Negligent Failure to Warn, Train, or Educate Cause of Action
The third cause of action for negligent failure to warn, train, or educate alleges UPS negligently failed to warn any patrons and/or janitorial workers of previous security breaches or attacks and failed to train its security officers. (TAC, ¶ 64.)
UPS argues that summary judgment or summary adjudication is appropriate as to this cause of action because UPS owed no duty to Plaintiff and Plaintiff has filed to present evidence that UPS had knowledge of the dangers it was required to warn others about. The court has already rejected both arguments above.
Premises Liability
The sixth cause of action sounds in premises liability. “The elements of a negligence claim and a premises liability claim are the same: a legal duty of care, breach of that duty, and proximate cause resulting in injury.” (Kesner v. Superior Court (2016) 1 Cal.5th 1132, 1158.)
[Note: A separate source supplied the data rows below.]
(* Let $\mathcal{M}=\langle S,\to,L\rangle$ be a labeled transition system, let $B\subseteq S\times S$ be a skipping simulation on $\mathcal{M}$, and let $s,u,w\in S$ with $sBw$, $s\to u$, and $\langle s,u\rangle$ a node of $\mathit{ranktCt}(\mathcal{M},s,w)$. Then $\mathit{size}(\mathit{ranktCt}(\mathcal{M},u,w))\prec\mathit{size}(\mathit{ranktCt}(\mathcal{M},s,w))$.
   Context: A labeled transition system is $\mathcal{M}=\langle S,\to,L\rangle$ where $S$ is a non-empty set of states, $\to\subseteq S\times S$ is left-total, and $L$ is a function with domain $S$. A fullpath is an infinite sequence $\sigma$ with $\sigma(i)\to\sigma(i+1)$ for all $i$; it starts at $\sigma(0)$. $w\to^{+}v$ means there is a finite path $w=v_0\to\cdots\to v_k=v$ with $k\ge1$. Let $\mathit{INC}$ be the set of strictly increasing infinite sequences of naturals starting at $0$. For a fullpath $\sigma$ and $\pi\in\mathit{INC}$ the $i$-th segment of $\sigma$ is $\sigma(\pi(i)),\dots,\sigma(\pi(i+1)-1)$. $\mathit{match}(B,\sigma,\delta)$ holds iff there exist $\pi,\xi\in\mathit{INC}$ such that for every $i$ and every state $x$ in the $i$-th segment of $\sigma$ w.r.t. $\pi$, $xB\delta(\xi(i))$. $B$ is a skipping simulation (SKS) iff for all $s,w$ with $sBw$: $L(s)=L(w)$, and for every fullpath $\sigma$ starting at $s$ there is a fullpath $\delta$ starting at $w$ with $\mathit{match}(B,\sigma,\delta)$. The computation tree $\mathit{ctree}(\mathcal{M},s)$ has as nodes finite sequences over $S$; it is the smallest tree such that $\langle s\rangle$ is the root, and if $\langle s,\dots,x\rangle$ is a node and $x\to y$ then $\langle s,\dots,x,y\rangle$ is a node whose parent is $\langle s,\dots,x\rangle$. For the SKS $B$: if not $sBw$, $\mathit{ranktCt}(\mathcal{M},s,w)$ is the empty tree; otherwise it is the largest subtree of $\mathit{ctree}(\mathcal{M},s)$ (containing the root) such that every non-root node $\langle s,\dots,x\rangle$ satisfies $xBw$ and, for all $v$ with $w\to^{+}v$, not $xBv$. (Every branch of this tree is finite.) For a tree $t$ all of whose branches are finite, ordinals are assigned to nodes by $\mathit{size}(t,x)=\bigcup_{c\text{ a child of }x}\mathit{size}(t,c)+1$ (von Neumann ordinals), and $\mathit{size}(\mathit{ranktCt}(\mathcal{M},s,w))=\mathit{size}(\mathit{ranktCt}(\mathcal{M},s,w),\langle s\rangle)$. $\prec$ is the strict order on ordinals. *)

From Stdlib Require Import List Relations ClassicalEpsilon.
Import ListNotations.
Set Implicit Arguments.

Section LTS.
Variables (St Lab : Type) (R : St -> St -> Prop) (L : St -> Lab).

Definition left_total : Prop := forall x, exists y, R x y.

Definition fullpath (sigma : nat -> St) : Prop := forall i, R (sigma i) (sigma (S i)).

Definition INC (pi : nat -> nat) : Prop := pi 0 = 0 /\ forall i, pi i < pi (S i).

Definition matchB (B : St -> St -> Prop) (sigma delta : nat -> St) : Prop :=
  exists pi xi, INC pi /\ INC xi /\
    forall i k, pi i <= k < pi (S i) -> B (sigma k) (delta (xi i)).

Definition SKS (B : St -> St -> Prop) : Prop :=
  forall s w, B s w ->
    L s = L w /\
    forall sigma, fullpath sigma -> sigma 0 = s ->
      exists delta, fullpath delta /\ delta 0 = w /\ matchB B sigma delta.

(* A tree is a predicate on nodes (finite sequences over S). *)
Fixpoint is_path (x : St) (q : list St) : Prop :=
  match q with
  | [] => True
  | y :: q' => R x y /\ is_path y q'
  end.

Definition ctree (s : St) (p : list St) : Prop :=
  exists q, p = s :: q /\ is_path s q.

(* ranktCt(M,s,w): empty unless s B w; otherwise the largest subtree of
   ctree(M,s) containing the root all of whose non-root nodes <s,..,x> satisfy
   x B w and (forall v, w ->+ v -> ~ x B v).  Since a node belongs to the largest
   such subtree iff it and all its non-root ancestors satisfy the condition,
   this is: every element after the root satisfies the condition. *)
Definition rank_cond (B : St -> St -> Prop) (w x : St) : Prop :=
  B x w /\ forall v, clos_trans St R w v -> ~ B x v.

Definition ranktCt (B : St -> St -> Prop) (s w : St) (p : list St) : Prop :=
  B s w /\ exists q, p = s :: q /\ is_path s q /\ Forall (rank_cond B w) q.
End LTS.

(* OSup I f denotes the ordinal  U_{i in I} (f i + 1). *)
Inductive ord : Type :=
| OSup : forall (Ix : Type), (Ix -> ord) -> ord.

Fixpoint ole (a b : ord) {struct a} : Prop :=
  match a, b with
  | @OSup I0 f, @OSup J0 g => forall i, exists j, ole (f i) (g j)
  end.

Definition olt (a b : ord) : Prop :=
  match b with
  | @OSup J0 g => exists j, ole a (g j)
  end.

Section Size.
Variable S : Type.

Definition tchild (t : list S -> Prop) (c x : list S) : Prop :=
  t c /\ exists y, c = x ++ [y].

Fixpoint size_acc (t : list S -> Prop) (x : list S) (H : Acc (tchild t) x) {struct H} : ord :=
  match H with
  | Acc_intro _ h =>
      OSup (fun c : {c : list S | tchild t c x} =>
              size_acc (h (proj1_sig c) (proj2_sig c)))
  end.

(* Total version: meaningful when every branch below x is finite (Acc);
   an arbitrary default (0) otherwise. *)
Definition size_node (t : list S -> Prop) (x : list S) : ord :=
  match excluded_middle_informative (Acc (tchild t) x) with
  | left H => size_acc H
  | right _ => OSup (fun e : False => match e with end)
  end.

Definition size_tree (t : list S -> Prop) (root : S) : ord := size_node t [root].
End Size.

(* A step s -> u inside ranktCt(s, w) embeds ranktCt(u, w) into ranktCt(s, w)
   below the child <s, u> (prefix every node with s), so the size of the former
   is bounded by that of the subtree at <s, u>, which is strictly below the size
   of the whole tree.  The only real content is that ranktCt(s, w) is well
   founded: an infinite branch would be a fullpath from s staying forever in the
   region where x B w but never x B v for w ->+ v, whereas the skipping
   simulation forces its second segment to be matched with a state strictly
   after w. *)

From Stdlib Require Import List Relations Classical ClassicalEpsilon.
Import ListNotations.
Set Implicit Arguments.
Unset Strict Implicit.

Section TreeSize.
Variable St : Type.

Lemma not_Acc_has_not_Acc_child (t : list St -> Prop) (x : list St) :
  ~ Acc (tchild t) x -> exists c, tchild t c x /\ ~ Acc (tchild t) c.
Proof.
  intros Hx. apply NNPP. intros Hno. apply Hx. constructor. intros c Hc.
  apply NNPP. intros Hc'. apply Hno. exists c. auto.
Qed.

Lemma not_Acc_descending_chain (t : list St -> Prop) (x0 : list St) :
  ~ Acc (tchild t) x0 ->
  exists n : nat -> list St, n 0 = x0 /\ forall k, tchild t (n (S k)) (n k).
Proof.
  intros H0.
  assert (step : forall p : {x | ~ Acc (tchild t) x},
             {c | tchild t c (proj1_sig p) /\ ~ Acc (tchild t) c}).
  { intros [x Hx]. apply constructive_indefinite_description.
    apply not_Acc_has_not_Acc_child. exact Hx. }
  pose (chain := fix chain (k : nat) : {x | ~ Acc (tchild t) x} :=
          match k with
          | 0 => exist _ x0 H0
          | S m => let c := step (chain m) in exist _ (proj1_sig c) (proj2 (proj2_sig c))
          end).
  exists (fun k => proj1_sig (chain k)). split; [reflexivity|].
  intros k. exact (proj1 (proj2_sig (step (chain k)))).
Qed.

Section Embedding.
Variables (t1 t2 : list St -> Prop) (f : list St -> list St).
Hypothesis f_tchild : forall c x, tchild t1 c x -> tchild t2 (f c) (f x).

Lemma Acc_tchild_of_embedding (x : list St) :
  Acc (tchild t2) (f x) -> Acc (tchild t1) x.
Proof.
  intros Hfx. remember (f x) as y eqn:Hy. revert x Hy.
  induction Hfx as [y _ IH]. intros x ->. constructor.
  intros c Hc. exact (IH _ (f_tchild Hc) c eq_refl).
Qed.

Lemma size_acc_le_of_embedding :
  forall x (H1 : Acc (tchild t1) x) (H2 : Acc (tchild t2) (f x)),
    ole (size_acc H1) (size_acc H2).
Proof.
  fix IH 2. intros x [h1] [h2]. simpl. intros [c Hc].
  exists (exist _ (f c) (f_tchild Hc)). apply IH.
Qed.

Lemma size_node_lt_of_embedding (x y : list St) :
  Acc (tchild t2) y -> tchild t2 (f x) y -> olt (size_node t1 x) (size_node t2 y).
Proof.
  intros Hy Hchild.
  assert (Hx : Acc (tchild t1) x)
    by exact (Acc_tchild_of_embedding (Acc_inv Hy Hchild)).
  unfold size_node.
  destruct (excluded_middle_informative (Acc (tchild t1) x)) as [H1|]; [|contradiction].
  destruct (excluded_middle_informative (Acc (tchild t2) y)) as [[h2]|]; [|contradiction].
  exists (exist _ (f x) Hchild). apply size_acc_le_of_embedding.
Qed.
End Embedding.
End TreeSize.

Section RankTree.
Variables (St Lab : Type) (R : St -> St -> Prop) (L : St -> Lab) (B : St -> St -> Prop).

Lemma is_path_snoc_last (q : list St) (a y d : St) :
  is_path R a (q ++ [y]) -> R (last (a :: q) d) y.
Proof.
  revert a. induction q as [|b q IH]; intros a H; simpl in *.
  - tauto.
  - exact (IH b (proj2 H)).
Qed.

Lemma fullpath_clos_trans (delta : nat -> St) :
  fullpath R delta -> forall n, clos_trans St R (delta 0) (delta (S n)).
Proof.
  intros Hd n. induction n as [|n IH].
  - apply t_step, Hd.
  - eapply t_trans; [exact IH | apply t_step, Hd].
Qed.

(* The first matched segment of sigma is [sigma 0 .. sigma (pi 1 - 1)]; the
   second one starts at sigma (pi 1) with pi 1 >= 1 and is matched with
   delta (xi 1), where xi 1 >= 1, i.e. with a state reachable from w. *)
Lemma SKS_fullpath_leaves_rank_region (s w : St) (sigma : nat -> St) :
  SKS R L B -> B s w -> fullpath R sigma -> sigma 0 = s ->
  ~ (forall k, rank_cond R B w (sigma (S k))).
Proof.
  intros HB Hsw Hsigma Hs Hrank.
  destruct (proj2 (HB s w Hsw) sigma Hsigma Hs)
    as [delta [Hdelta [Hw [pi [xi [[Hpi0 Hpi] [[Hxi0 Hxi] Hmatch]]]]]]].
  assert (Hm := Hmatch 1 (pi 1) (conj (le_n _) (Hpi 1))).
  specialize (Hpi 0). specialize (Hxi 0). rewrite Hpi0 in Hpi. rewrite Hxi0 in Hxi.
  destruct (pi 1) as [|p]; [inversion Hpi|].
  destruct (xi 1) as [|x]; [inversion Hxi|].
  apply (proj2 (Hrank p) (delta (S x))); [|exact Hm].
  rewrite <- Hw. apply fullpath_clos_trans, Hdelta.
Qed.

Lemma ranktCt_child_last (s w : St) (c x : list St) :
  tchild (ranktCt R B s w) c x -> x <> [] ->
  exists y, c = x ++ [y] /\ R (last x s) y /\ rank_cond R B w y.
Proof.
  intros [[_ [q [Hc [Hpath Hcond]]]] [y ->]] Hx.
  destruct x as [|a x]; [contradiction|].
  injection Hc as <- <-.
  exists y. split; [reflexivity|]. split.
  - eapply is_path_snoc_last, Hpath.
  - apply Forall_app in Hcond. destruct Hcond as [_ Hy]. now inversion Hy.
Qed.

Lemma ranktCt_root_Acc (s w : St) :
  SKS R L B -> B s w -> Acc (tchild (ranktCt R B s w)) [s].
Proof.
  intros HB Hsw. apply NNPP. intros Hnot.
  destruct (not_Acc_descending_chain Hnot) as [n [Hn0 Hchain]].
  assert (Hne : forall k, n k <> []).
  { intros [|k]; [rewrite Hn0; discriminate|].
    destruct (Hchain k) as [_ [y ->]]. destruct (n k); discriminate. }
  set (sigma := fun k => last (n k) s).
  assert (Hstep : forall k, R (sigma k) (sigma (S k)) /\ rank_cond R B w (sigma (S k))).
  { intros k. unfold sigma.
    destruct (ranktCt_child_last (Hchain k) (Hne k)) as [y [-> Hy]].
    now rewrite last_last. }
  apply (SKS_fullpath_leaves_rank_region HB Hsw (sigma := sigma)).
  - intros k. apply Hstep.
  - unfold sigma. now rewrite Hn0.
  - intros k. apply Hstep.
Qed.

Lemma ranktCt_cons_tchild (s u w : St) :
  B s w -> R s u -> rank_cond R B w u ->
  forall c x, tchild (ranktCt R B u w) c x -> tchild (ranktCt R B s w) (s :: c) (s :: x).
Proof.
  intros Hsw Hsu Hu c x [[Huw [q [-> [Hpath Hcond]]]] [y Hy]]. split.
  - split; [exact Hsw|]. exists (u :: q). repeat split; auto.
  - exists y. now rewrite Hy.
Qed.
End RankTree.

Unset Implicit Arguments.

Theorem lemma3 (S Lab : Type) (R : S -> S -> Prop) (L : S -> Lab)
  (Htot : left_total R) (B : S -> S -> Prop) (HB : SKS R L B)
  (s u w : S) (Hsw : B s w) (Hsu : R s u)
  (Hnode : ranktCt R B s w [s; u]) :
  olt (size_tree (ranktCt R B u w) u) (size_tree (ranktCt R B s w) s).
Proof.
  assert (Hu : rank_cond R B w u).
  { destruct Hnode as [_ [q [Hq [_ Hcond]]]]. injection Hq as <-.
    now inversion Hcond. }
  apply (size_node_lt_of_embedding (ranktCt_cons_tchild Hsw Hsu Hu)).
  - exact (ranktCt_root_Acc HB Hsw).
  - split; [exact Hnode | now exists u].
Qed.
UPS contends that it has never owned, leased, occupied, or controlled the Subject Premises. (Han Decl., ¶¶ 3-4.) As an employee and Client Manager for UPS, Han has a basis for making these statements and personal knowledge of these facts. While Han’s declaration does not go into greater detail, it is not clear what additional specifics can be given about the absence of a fact than to state the absence.
In response, Plaintiff contends that it is possible that UPS had some control over the Subject Premises. However, Plaintiff points to no facts or evidence to support this contention. Plaintiff only points to the fact that UPS had discretion with respect to method and manner of providing its services, that Quintana had no control over how UPS provided its services, and that UPS had control over the security for the Subject Premises. None of this shows that UPS had control over the Subject Premises itself.
Plaintiff shall give notice of this ruling.